The media has made much of the similarities between Michael Jackson, the king of pop, and Elvis Presley, the king of rock. Both died of drug-related causes and both had “live-in” physicians, Elvis’s Dr. Nick and M.J.’s Dr. Murray. Both physicians, it appears, may have been too quick to write prescriptions for their famous patients—and that’s made me think about physicians and prescribing habits.

AAOS Now

Published 8/1/2009

Cover my back, Michael

I have never considered myself a Michael Jackson fan. I grew up in the Elvis era. I couldn’t sing a lick, was a fair dancer, and my drug of choice was “Miller Lite.” But because of the fanfare and media coverage, I have been watching with interest how the situation with M.J. (only his close friends call him Mike) and his “in-house” physicians is developing.

Although the pressures on a physician treating the rich and famous must be tremendous, most people—including me—do not see this as an excuse for the physician’s catering to a star’s—or, for that matter, any other patient’s—“need” for drugs, whether the drugs are used to help the patient sleep, or lose weight, or perform. Without excusing the physician, however, we should make at least some case for patient responsibility.

Instances in which physicians are sued for writing excessive prescriptions, leading to the patient’s overuse of drugs, are increasing. But another phenomenon in which physicians become “soft targets” has recently been identified. It’s called third-party responsibility and goes something like this: the physician prescribes a drug for his patient; the patient, allegedly due to the effects of the drug, harms or kills a third party; and the prescribing physician is then held responsible for the death—even though he had no relationship with the third party.

“Wait a minute. That’s not medical malpractice,” you say. That’s correct! Murray J. Goodman, MD, described this scenario in a case in Massachusetts in which the judge ruled for the plaintiff against the doctor, not for medical malpractice but for negligence. (See “How far does your obligation go?AAOS Now, December 2008) Although the physician had no relationship with the third party, the higher courts ruled that he had an obligation to the third party because he should have foreseen that his patient might injure or kill someone as a result of the treatment prescribed.

The case against the doctor is that of a negligence suit such as in an automobile accident. It is similar to holding the bartender responsible for serving the customer too much alcohol after the inebriated customer has an accident while driving under the influence of alcohol.

I, like most physicians, believe that we have an obligation to inform our patients of side effects and complications of medications we prescribe—and to document that conversation. We have a responsibility to ask about other drugs the patient may be taking that could interact with those we are prescribing—and to document that conversation.

But the patient also has a responsibility. The patient—or the patient’s family—must be honest in informing a new physician about drugs prescribed by other physicians. The patient must follow the doctor’s instructions and take responsibility for his or her actions. The courts, however, may not necessarily see it that way and may rule in favor of the plaintiffs, placing the responsibility on the physician.

Although life often is difficult and unfair, it is what it is! So, what can we do about it? We can continue to try to change the medical libaility laws through advocacy methods, but we also can go down a more personal road. I have always hated the term “defensive medicine.” I think it is costly and not always in the best interest of the patient. Even though I don’t like practicing defensive medicine, I have resurrected three old rules (Rule of 3s) in prescribing that I share with our residents. They are a way to serve the best interests of your patients as you “cover your back.”

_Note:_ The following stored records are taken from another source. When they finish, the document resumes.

Theorem lemma9 (K : fieldType) (charK0 : [pchar K] =i pred0)
  (al : R) (hal : Rle R1 al) :
  (forall (P1 P2 : Op K) (k1 k2 : nat) (l1 l2 : int),
      inEhat P1 -> inEhat P2 ->
      condA al P1 k1 l1 -> condA al P2 k2 l2 ->
      condA al (opmul P1 P2) (k1 + k2)%N (l1 + l2)) /\
  (forall (P1 P2 : Op K) (k1 k2 : nat) (l1 l2 : int),
      inEhat P1 -> inEhat P2 ->
      ordG P1 k1 l1 -> condA al P1 k1 l1 ->
      ordG P2 k2 l2 -> condA al P2 k2 l2 ->
      ordG (opmul P1 P2) (k1 + k2)%N (l1 + l2) /\
      condA al (opmul P1 P2) (k1 + k2)%N (l1 + l2)) /\
  (forall (P1 P2 : Op K) (k1 k2 : nat) (l1 l2 : int),
      inEplus P1 -> inEplus P2 ->
      condB al P1 k1 l1 -> condB al P2 k2 l2 ->
      condB al (opmul P1 P2) (k1 + k2)%N (l1 + l2)) /\
  (forall (P1 P2 : Op K) (k1 k2 : nat) (l1 l2 : int),
      inEplus P1 -> inEplus P2 ->
      ordG P1 k1 l1 -> condB al P1 k1 l1 ->
      ordG P2 k2 l2 -> condB al P2 k2 l2 ->
      ordG (opmul P1 P2) (k1 + k2)%N (l1 + l2) /\
      condB al (opmul P1 P2) (k1 + k2)%N (l1 + l2)).
Proof.
have mulA (P1 P2 : Op K) k1 k2 l1 l2 : condA al P1 k1 l1 -> condA al P2 k2 l2 ->
    condA al (opmul P1 P2) (k1 + k2)%N (l1 + l2).
  by rewrite !condA_support => S1 S2; exact: (support_bound_mul hal INR_slack S1 S2).
have mulB (P1 P2 : Op K) k1 k2 l1 l2 : condB al P1 k1 l1 -> condB al P2 k2 l2 ->
    condB al (opmul P1 P2) (k1 + k2)%N (l1 + l2).
  by rewrite !condB_support => S1 S2; exact: (support_bound_mul hal zero_slack S1 S2).
split; first by move=> *; apply: mulA.
split; first by move=> *; split; [apply: ordG_mul | apply: mulA].
split; first by move=> *; apply: mulB.
by move=> *; split; [apply: ordG_mul | apply: mulB].
Qed.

  1. Use only a small number of drugs and know those drugs very well. There’s an old joke that the difference between a carpenter and an orthopaedist is that the carpenter knows more than one antibiotic. Well, that may not be all bad! I use four drugs—a perioperative cephalosporin such as Keflex®, a nonsteroidal anti-inflammatory such as Celebrex® or Mobic®, a steroidal such as Medrol Dose Pack or cortisone injection, and a narcotic such as Lortab®. Each of these has its own set of problems, but I know all there is to know about these four drugs. I know what to expect in the way of side effects and complications and what to counsel patients about when they take these drugs. That leads to the next rule.
  2. Know and discuss with the patient the side effects and complications of the prescribed medication and document this discussion. Make a note in the chart, even if it is a standardized drug-risk paragraph to “cover your back.” Too often, doctors delegate this onerous, time-consuming task to someone else, only to find out later that the discussion never took place. If you do it, you know it was done.
  3. Don’t overprescribe; avoid too much medication and too many refills. The old adage that “orthopaedists don’t treat chronic arthritis with long-term addictive analgesics” is a good one to remember. Have a good process or method in your office to “flag” controlled substances and prescription refills. If long-term pain relief is necessary, almost every community has a “pain clinic” to deal with these problems daily.

Although I don’t have much in common with M.J., his death has made me—and hopefully all of us who prescribe medication—more aware of our prescribing obligations to our patients. The sad circumstances of his untimely death should serve as a reminder to all of us to prescribe carefully and to cover our backs when we do.